▶ [Task details]
Transcribe, word for word and without additions, each line below from the one containing "by apply: eq_bigr => j _; rewrite sigmaZ." through the one containing "rewrite /skew_mul linear_sum;", both ends included.

(Stored entries)
Definition du1 (u : R -> R) : R -> R := Dw I11 u.
Definition du2 (u : R -> R) : R -> R := Dw I11 (Dw I11 u).

Definition Hf (u : R -> R) (x : R) : R :=
  / 2 * (1 / (u x * sqrt (1 + du1 u x ^ 2))
         - du2 u x / (sqrt (1 + du1 u x ^ 2)) ^ 3).

Definition Mf (eps : R) (u : R -> R) (x : R) : R :=
  u x * du1 u x * Dw I11 (Hf u) x / (1 + du1 u x ^ 2)
  + u x * Hf u x ^ 2 / sqrt (1 + du1 u x ^ 2)
  - Hf u x / (1 + du1 u x ^ 2)
  - eps * u x / sqrt (1 + du1 u x ^ 2).

From Stdlib Require Import Reals Lra Lia ClassicalEpsilon.
Open Scope R_scope.

(* M[u] is built from u, u', u'', H and H' by field operations and a square
   root, so M[u]' follows from the calculus rules for derivatives relative to
   [-1,1]; H'' exists because H' is an explicit expression in u, ..., u'''
   and u is C^4.  In the comparison with the claimed formula the terms
   carrying H' cancel precisely because of the definition of H
   (2uH/s = 1/s^2 - u u''/s^4, where s = sqrt(1 + u'^2)), and the rest is a
   rational identity once s^2 = 1 + u'^2 is used. *)

Lemma has_deriv_within_of_derivable_pt_lim D h z l :
  derivable_pt_lim h z l -> has_deriv_within D h z l.
Proof.
  intros Hh e he. destruct (Hh e he) as [del Hdel].
  exists del. split; [apply cond_pos|].
  intros w _ hw. destruct (Req_dec w z) as [->|hne].
  - rewrite !Rminus_diag, Rmult_0_r, Rminus_diag, Rabs_R0. lra.
  - assert (hwz : w - z <> 0) by lra.
    specialize (Hdel (w - z) hwz hw). replace (z + (w - z)) with w in Hdel by ring.
    replace (h w - h z - l * (w - z)) with (((h w - h z) / (w - z) - l) * (w - z))
      by (field; exact hwz).
    rewrite Rabs_mult. apply Rmult_le_compat_r; [apply Rabs_pos | lra].
Qed.

Section HasDerivWithin.

Variable D : R -> Prop.
Local Notation d := (has_deriv_within D).

Lemma has_deriv_within_eq f x l1 l2 : d f x l1 -> l1 = l2 -> d f x l2.
Proof. now intros H ->. Qed.

Lemma has_deriv_within_ext f g x l : (forall y, f y = g y) -> d g x l -> d f x l.
Proof.
  intros E H e he. destruct (H e he) as [del [hdel H']].
  exists del. split; [exact hdel|]. intros y Dy hy. rewrite !E. auto.
Qed.
Theorem theorem4p3 (R : realType) (n : nat) (e : rel 'I_n) :
  is_tree e ->
  (in_GSSP R e <->
   ((forall v : 'I_n, (degree e v < 4)%N) /\
    ~ (exists u v : 'I_n, u != v /\ degree e u = 3%N /\ degree e v = 3%N))).
Proof.
move=> [[e_sym e_irr] [e_conn e_acy]]; split.
  move=> GSSP; split=> [v|[u [v [uv [du dv]]]]].
    by rewrite ltnNge; apply/negP => d4; apply: (deg4_not_GSSP e_sym e_irr e_acy d4 GSSP).
  exact: (two_deg3_not_GSSP e_sym e_irr e_acy uv du dv GSSP).
case=> deg_lt4 no_two3 A A_SG.
have [v0 _|no_vertex] := pickP (fun _ : 'I_n => true); last first.
  by move=> X *; apply/matrixP => i; have := no_vertex i.
have [c deg_le2] := spider_center v0 deg_lt4 no_two3.
apply: (spider_in_GSSP e_sym e_irr e_acy e_conn deg_le2) A_SG.
by rewrite -ltnS.
Qed.
(* Let $\alpha\in\mathbb{F}_q^*$ and let $g(x)=\sum_{i=0}^ka_ix^i\in\mathbb{F}_q[x;\theta]$, with $a_k=1$ and $k\ge1$, be a right divisor of $x^n-\alpha$. Let $T_g$ be the $k\times k$ companion matrix of $g$, i.e. $(T_g)_{i,i+1}=1$ for $1\le i\le k-1$, the last row of $T_g$ is $(-a_0,-a_1,\dots,-a_{k-1})$, and all other entries are $0$. Let $P=(1,0,\dots,0)\in\mathbb{F}_q^k$ and $\tau=\Theta\circ T_g$. Then a linear code $\mathscr{C}\subseteq\mathbb{F}_q^n$ is the skew $\alpha$-cyclic $[n,n-k]$-code with generator polynomial $g(x)$ if and only if $\mathscr{C}$ is the code with parity check matrix $$[\,{}^tP,\ {}^t(P\tau),\ {}^t(P\tau^2),\ \dots,\ {}^t(P\tau^{n-1})\,].$$
   Context: Let $\mathbb{F}_q$ be a finite field, $\theta$ a field automorphism of $\mathbb{F}_q$, and $\mathbb{F}_q[x;\theta]$ the skew polynomial ring with $xa=\theta(a)x$. A linear code $\mathscr{C}\subseteq\mathbb{F}_q^n$ is skew $\alpha$-cyclic if it is invariant under $(c_0,\dots,c_{n-1})\mapsto(\alpha\theta(c_{n-1}),\theta(c_0),\dots,\theta(c_{n-2}))$. Identifying $(a_0,\dots,a_{n-1})$ with the class of $\sum a_ix^i$ in the left module $\mathbb{F}_q[x;\theta]/\mathbb{F}_q[x;\theta](x^n-\alpha)$, the skew $\alpha$-cyclic code with generator polynomial $g$ (a monic right divisor of $x^n-\alpha$) is the left submodule generated by $g$; it has dimension $n-\deg g$. Vectors are row vectors, ${}^tv$ denotes the transpose, and $P\tau:=\Theta(P)T_g$ where $\Theta$ applies $\theta$ coordinatewise; $\tau^i$ is the $i$-fold iterate. The code with parity check matrix $H$ is $\{\vec c:\vec c\,{}^tH=0\}$. *)

From HB Require Import structures.
From mathcomp Require Import all_boot all_order all_algebra.
Set Implicit Arguments. Unset Strict Implicit. Unset Printing Implicit Defensive.
Import GRing.Theory.
Local Open Scope ring_scope.

(* Skew polynomials over F with x a = theta(a) x, represented by their
   coefficient sequences (stored in {poly F}, used only as a coefficient
   container; the ring structure of {poly F} is NOT used for products). *)

Definition skew_mul (F : fieldType) (theta : F -> F) (f g : {poly F}) : {poly F} :=
  \sum_(i < size f) \sum_(j < size g)
     (f`_i * iter i theta g`_j) *: 'X^(i + j).

Definition skew_rdvd (F : fieldType) (theta : F -> F) (g h : {poly F}) : Prop :=
  exists q : {poly F}, h = skew_mul theta q g.

Definition poly_of_row (F : fieldType) (n : nat) (c : 'rV[F]_n) : {poly F} :=
  \sum_(i < n) c 0 i *: 'X^i.

(* Membership in the skew alpha-cyclic code with generator polynomial g:
   the class of c in F[x;theta]/F[x;theta](x^n - alpha) lies in the left
   submodule generated by the class of g. *)
Definition in_skew_code (F : fieldType) (theta : F -> F) (n : nat) (alpha : F)
  (g : {poly F}) (c : 'rV[F]_n) : Prop :=
  exists f h : {poly F},
    poly_of_row c = skew_mul theta f g + skew_mul theta h ('X^n - alpha%:P).

Definition companion (F : fieldType) (k : nat) (g : {poly F}) : 'M[F]_k :=
  \matrix_(i < k, j < k)
     if (i : nat) == k.-1 then - g`_j else ((i.+1 == j)%N)%:R.

Definition Pvec (F : fieldType) (k : nat) : 'rV[F]_k :=
  \row_(j < k) ((j : nat) == 0%N)%:R.

Definition tau (F : fieldType) (theta : F -> F) (k : nat) (g : {poly F})
  (v : 'rV[F]_k) : 'rV[F]_k :=
  map_mx theta v *m companion k g.

Definition parity_mx (F : fieldType) (theta : F -> F) (n k : nat) (g : {poly F})
  : 'M[F]_(k, n) :=
  \matrix_(r < k, i < n) (iter i (tau theta g) (@Pvec F k)) 0 r.

From HB Require Import structures.
From mathcomp Require Import all_boot all_order all_algebra zify.
Import GRing.Theory.
Local Open Scope ring_scope.
Set Implicit Arguments. Unset Strict Implicit. Unset Printing Implicit Defensive.

(* The syndrome of p = sum_i p_i x^i is s(p) = sum_i p_i P tau^i, so that
   c H^T = s(c(x)).  Since tau is theta-semilinear and P tau^i is the i-th
   unit vector for i < k, s turns left multiplication by x into tau, maps a
   polynomial of degree < k to its coefficient vector, and kills g (the last
   row of T_g encodes x^k = -a_0 - ... - a_(k-1) modulo g).  Thus the kernel
   of s is a left ideal containing g, hence containing F[x;theta] g and
   F[x;theta](x^n - alpha); conversely right division by the monic g leaves a
   remainder of degree < k, which must vanish when its syndrome does. *)

Section LinearCombination.

Variables (F : fieldType) (V : lmodType F) (w : nat -> V).

Definition lincomb (p : {poly F}) : V := \sum_(i < size p) p`_i *: w i.

Lemma lincomb_widen N (p : {poly F}) :
  (size p <= N)%N -> lincomb p = \sum_(i < N) p`_i *: w i.
Proof.
move=> hN; rewrite /lincomb (big_ord_widen _ (fun i => p`_i *: w i) hN) big_mkcond.
by apply: eq_bigr => i _; case: ltnP => // hi; rewrite nth_default ?scale0r.
Qed.

Lemma lincomb_is_linear : linear lincomb.
Proof.
move=> a p q; set N := maxn (size p) (size q).
have hp : (size p <= N)%N := leq_maxl _ _.
have hq : (size q <= N)%N := leq_maxr _ _.
have hpq : (size (a *: p + q)%R <= N)%N.
  rewrite (leq_trans (size_polyD _ _)) // geq_max hq andbT.
  exact: leq_trans (size_scale_leq _ _) hp.
rewrite !(@lincomb_widen N) // scaler_sumr -big_split.
by apply: eq_bigr => i _; rewrite coefD coefZ scalerDl scalerA.
Qed.

HB.instance Definition _ :=
  GRing.isLinear.Build F {poly F} V *:%R lincomb lincomb_is_linear.

Lemma lincombZXn a m : lincomb (a *: 'X^m) = a *: w m.
Proof.
rewrite linearZ /= (@lincomb_widen m.+1) ?size_polyXn // big_ord_recr /=.
rewrite coefXn eqxx scale1r big1 ?add0r // => i _.
by rewrite coefXn (ltn_eqF (ltn_ord i)) scale0r.
Qed.

End LinearCombination.

Section SkewMultiplication.

Variables (F : fieldType) (theta : {rmorphism F -> F}).

Lemma skew_mul_widen N (f g : {poly F}) : (size f <= N)%N ->
  skew_mul theta f g =
  \sum_(i < N) \sum_(j < size g) (f`_i * iter i theta g`_j) *: 'X^(i + j).
Proof.
move=> hN; rewrite /skew_mul.
pose G i := \sum_(j < size g) (f`_i * iter i theta g`_j) *: 'X^(i + j).
rewrite (big_ord_widen _ G hN) big_mkcond; apply: eq_bigr => i _; rewrite /G.
case: ltnP => // hi; rewrite nth_default // big1 // => j _.
by rewrite mul0r scale0r.
Qed.

Lemma skew_mul0l (g : {poly F}) : skew_mul theta 0 g = 0.
Proof. by rewrite /skew_mul size_poly0 big_ord0. Qed.

Lemma skew_mulDl (f1 f2 g : {poly F}) :
  skew_mul theta (f1 + f2) g = skew_mul theta f1 g + skew_mul theta f2 g.
Proof.
set N := maxn (size f1) (size f2).
have h1 : (size f1 <= N)%N := leq_maxl _ _.
have h2 : (size f2 <= N)%N := leq_maxr _ _.
have h12 : (size (f1 + f2)%R <= N)%N := size_polyD _ _.
rewrite !(@skew_mul_widen N) // -big_split; apply: eq_bigr => i _; rewrite -big_split.
by apply: eq_bigr => j _; rewrite coefD mulrDl scalerDl.
Qed.

Lemma skew_mulZXnl b d (g : {poly F}) :
  skew_mul theta (b *: 'X^d) g = 'X^d * \poly_(j < size g) (b * iter d theta g`_j).
Proof.
rewrite (@skew_mul_widen d.+1) ?(leq_trans (size_scale_leq _ _)) ?size_polyXn //.
rewrite big_ord_recr /= big1 ?add0r => [|i _]; last first.
  by rewrite big1 // => j _; rewrite coefZ coefXn (ltn_eqF (ltn_ord i)) mulr0 mul0r scale0r.
rewrite poly_def mulr_sumr; apply: eq_bigr => j _.
by rewrite coefZ coefXn eqxx mulr1 exprD scalerAr.
Qed.

Lemma iter_rmorph1 d : iter d theta 1 = 1.
Proof. by elim: d => //= d ->; rewrite rmorph1. Qed.

(* Right division: each step cancels the leading term of p by (b x^d) g,
   whose leading coefficient is b theta^d(1) = b. *)
Lemma skew_rdiv_monic (g : {poly F}) : g \is monic ->
  forall p : {poly F}, exists f : {poly F},
    (size (p - skew_mul theta f g)%R < size g)%N.
Proof.
move=> mon_g; have sg_gt0 : (0 < size g)%N by rewrite size_poly_gt0 monic_neq0.
have lead_g : g`_(size g).-1 = 1 by move/monicP: mon_g.
move=> p; elim: {p}(size p) {-2}p (leqnn (size p)) => [|m IHm] p hp.
  by exists 0; rewrite skew_mul0l subr0 (leq_ltn_trans hp).
have [small_p|big_p] := ltnP (size p) (size g).
  by exists 0; rewrite skew_mul0l subr0.
have [|m_lt_sp] := leqP (size p) m; first exact: IHm.
have sp_eq : size p = m.+1 by apply/eqP; rewrite eqn_leq hp.
set d := (m - (size g).-1)%N; set b := p`_m.
have hdec : (size (p - skew_mul theta (b *: 'X^d) g)%R <= m)%N.
  apply/leq_sizeP => j hj; rewrite coefB skew_mulZXnl coefXnM.
  have -> : (j < d)%N = false by apply/negbTE; rewrite -leqNgt /d; lia.
  rewrite coef_poly; case: (ltngtP j m) hj => // [hjm _|->].
    rewrite nth_default ?sp_eq //.
    have -> : (j - d < size g)%N = false by apply/negbTE; rewrite -leqNgt /d; lia.
    by rewrite subrr.
  have -> : (m - d = (size g).-1)%N by rewrite /d; lia.
  by rewrite ltn_predL sg_gt0 lead_g iter_rmorph1 mulr1 subrr.
have [f hf] := IHm _ hdec.
by exists (b *: 'X^d + f); rewrite skew_mulDl opprD addrA.
Qed.

End SkewMultiplication.

Section SemilinearOrbit.

Variables (F : fieldType) (theta : {rmorphism F -> F}) (V : lmodType F).
Variables (sigma : V -> V) (v : V).
Hypothesis sigmaD : {morph sigma : u1 u2 / u1 + u2}.
Hypothesis sigmaZ : forall a u, sigma (a *: u) = theta a *: sigma u.

Let orbit i := iter i sigma v.

Lemma semilinear0 : sigma 0 = 0.
Proof. by rewrite -(scale0r 0) sigmaZ rmorph0 !scale0r. Qed.

Lemma iter_semilinear_sum i (I : Type) (r : seq I) (a : I -> F) (u : I -> V) :
  iter i sigma (\sum_(j <- r) a j *: u j) =
  \sum_(j <- r) iter i theta (a j) *: iter i sigma (u j).
Proof.
elim: i => [|i IHi] //=; rewrite IHi (big_morph _ sigmaD semilinear0).
by apply: eq_bigr => j _; rewrite sigmaZ.
Qed.

Lemma lincomb_orbit_skew_mul (h p : {poly F}) :
  lincomb orbit (skew_mul theta h p) =
  \sum_(i < size h) h`_i *: iter i sigma (lincomb orbit p).
Proof.
rewrite /skew_mul linear_sum; apply: eq_bigr => i _.
rewrite linear_sum [lincomb orbit p]/lincomb iter_semilinear_sum scaler_sumr.
by apply: eq_bigr => j _; rewrite /= lincombZXn scalerA /orbit iterD.
Qed.

Lemma lincomb_orbit_skew_mul_eq0 (h p : {poly F}) :
  lincomb orbit p = 0 -> lincomb orbit (skew_mul theta h p) = 0.
Proof.
move=> p0; rewrite lincomb_orbit_skew_mul p0 big1 // => i _.
by rewrite iter_fix ?semilinear0 // scaler0.
Qed.

End SemilinearOrbit.

Section CompanionOrbit.

Variables (F : fieldType) (theta : {rmorphism F -> F}) (k : nat) (g : {poly F}).

Let orbit i := iter i (tau theta g) (@Pvec F k).

Lemma tauD : {morph @tau F theta k g : u v / u + v}.
Proof. by move=> u v; rewrite /tau map_mxD mulmxDl. Qed.

Lemma tauZ a (u : 'rV[F]_k) : tau theta g (a *: u) = theta a *: tau theta g u.
Proof. by rewrite /tau map_mxZ scalemxAl. Qed.

Lemma tau_orbit_lt j (hj : (j < k)%N) : orbit j = delta_mx 0 (Ordinal hj).
Proof.
elim: j hj => [|j IHj] hj; first by apply/rowP => c; rewrite !mxE.
rewrite /orbit iterS -/(orbit j) (IHj (ltnW hj)) /tau map_delta_mx -rowE.
have j_last : (j == k.-1) = false by apply/negbTE/eqP; lia.
by apply/rowP => c; rewrite !mxE /= j_last eq_sym.
Qed.

Lemma tau_orbit_size : (0 < k)%N -> orbit k = - \row_(c < k) g`_c.
Proof.
move=> k_gt0; have k1_lt : (k.-1 < k)%N by rewrite ltn_predL.
have -> : orbit k = orbit k.-1.+1 by rewrite prednK.
rewrite /orbit iterS -/(orbit k.-1) (tau_orbit_lt k1_lt).
rewrite /tau map_delta_mx -rowE.
by apply/rowP => c; rewrite !mxE /= eqxx.
Qed.

Lemma lincomb_tau_orbit_small (p : {poly F}) :
  (size p <= k)%N -> lincomb orbit p = \row_(c < k) p`_c.
Proof.
move=> hp; rewrite (lincomb_widen orbit hp) [RHS]row_sum_delta.
by apply: eq_bigr => i _; rewrite mxE (tau_orbit_lt (ltn_ord i)).
Qed.

Lemma lincomb_tau_orbit_small_eq0 (p : {poly F}) :
  (size p <= k)%N -> lincomb orbit p = 0 -> p = 0.
Proof.
move=> hp; rewrite lincomb_tau_orbit_small // => /rowP p0.
apply/polyP => i; rewrite coef0; have [i_lt_k | k_le_i] := ltnP i k.
  by have := p0 (Ordinal i_lt_k); rewrite !mxE.
by rewrite nth_default // (leq_trans hp).
Qed.

Lemma lincomb_tau_orbit_monic :
  (0 < k)%N -> size g = k.+1 -> g \is monic -> lincomb orbit g = 0.
Proof.
move=> k_gt0 sg mon_g; have lead_g : g`_k = 1 by move/monicP: mon_g; rewrite /lead_coef sg.
have low_g : (size (\poly_(i < k) g`_i)%R <= k)%N by exact: size_poly.
rewrite (lincomb_widen orbit (eq_leq sg)) big_ord_recr /= tau_orbit_size // lead_g scale1r.
have <- : lincomb orbit (\poly_(i < k) g`_i) = \sum_(i < k) g`_i *: orbit i.
  by rewrite (lincomb_widen orbit low_g); apply: eq_bigr => i _; rewrite coef_poly ltn_ord.
rewrite lincomb_tau_orbit_small //; apply/rowP => c.
by rewrite !mxE coef_poly ltn_ord subrr.
Qed.

Lemma mulmx_parity_mx n (c : 'rV[F]_n) :
  c *m (parity_mx theta n k g)^T = lincomb orbit (poly_of_row c).
Proof.
rewrite /poly_of_row linear_sum; apply/rowP => r; rewrite !mxE summxE.
by apply: eq_bigr => i _; rewrite /= lincombZXn !mxE.
Qed.

End CompanionOrbit.

Lemma skew_code_parity_check (F : fieldType) (theta : {rmorphism F -> F})
    (n k : nat) (alpha : F) (g : {poly F}) :
  (0 < k)%N -> size g = k.+1 -> g \is monic ->
  skew_rdvd theta g ('X^n - alpha%:P) ->
  forall c : 'rV[F]_n,
    in_skew_code theta alpha g c <-> c *m (parity_mx theta n k g)^T = 0.
Proof.
move=> k_gt0 sg mon_g [q def_xn] c; rewrite mulmx_parity_mx.
set w := fun i => _.
have g_in_ker : lincomb w g = 0 by apply: lincomb_tau_orbit_monic.
have ker_left_ideal h p : lincomb w p = 0 -> lincomb w (skew_mul theta h p) = 0.
  exact/lincomb_orbit_skew_mul_eq0/tauZ/tauD.
split=> [[f [h ->]] | c_in_ker].
  by rewrite linearD /= !ker_left_ideal ?addr0 // def_xn ker_left_ideal.
have [f] := skew_rdiv_monic theta mon_g (poly_of_row c); rewrite sg ltnS => small_r.
have /lincomb_tau_orbit_small_eq0 : lincomb w (poly_of_row c - skew_mul theta f g) = 0.
  by rewrite linearB /= c_in_ker ker_left_ideal // subr0.
move/(_ small_r)/eqP; rewrite subr_eq0 => /eqP c_eq.
by exists f, 0; rewrite c_eq skew_mul0l addr0.
Qed.

Theorem mainTheorem6 (F : finFieldType) (theta : {rmorphism F -> F})
  (Htheta : bijective theta) (n k : nat) (alpha : F) (g : {poly F}) :
  alpha != 0 ->
  (0 < k)%N ->
  size g = k.+1 ->
  g \is monic ->
  skew_rdvd theta g ('X^n - alpha%:P) ->
  forall C : {vspace 'rV[F]_n},
    (forall c : 'rV[F]_n, c \in C <-> @in_skew_code F theta n alpha g c) <->
    (forall c : 'rV[F]_n, c \in C <-> c *m (@parity_mx F theta n k g)^T = 0).
Proof.
move=> _ k_gt0 sg mon_g g_dvd C.
have code_eq := skew_code_parity_check k_gt0 sg mon_g g_dvd.
by split=> C_eq c; rewrite C_eq code_eq.
Qed.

▶ [Response]
by apply: eq_bigr => j _; rewrite sigmaZ.
Qed.

Lemma lincomb_orbit_skew_mul (h p : {poly F}) :
  lincomb orbit (skew_mul theta h p) =
  \sum_(i < size h) h`_i *: iter i sigma (lincomb orbit p).
Proof.
rewrite /skew_mul linear_sum; apply: eq_bigr => i _.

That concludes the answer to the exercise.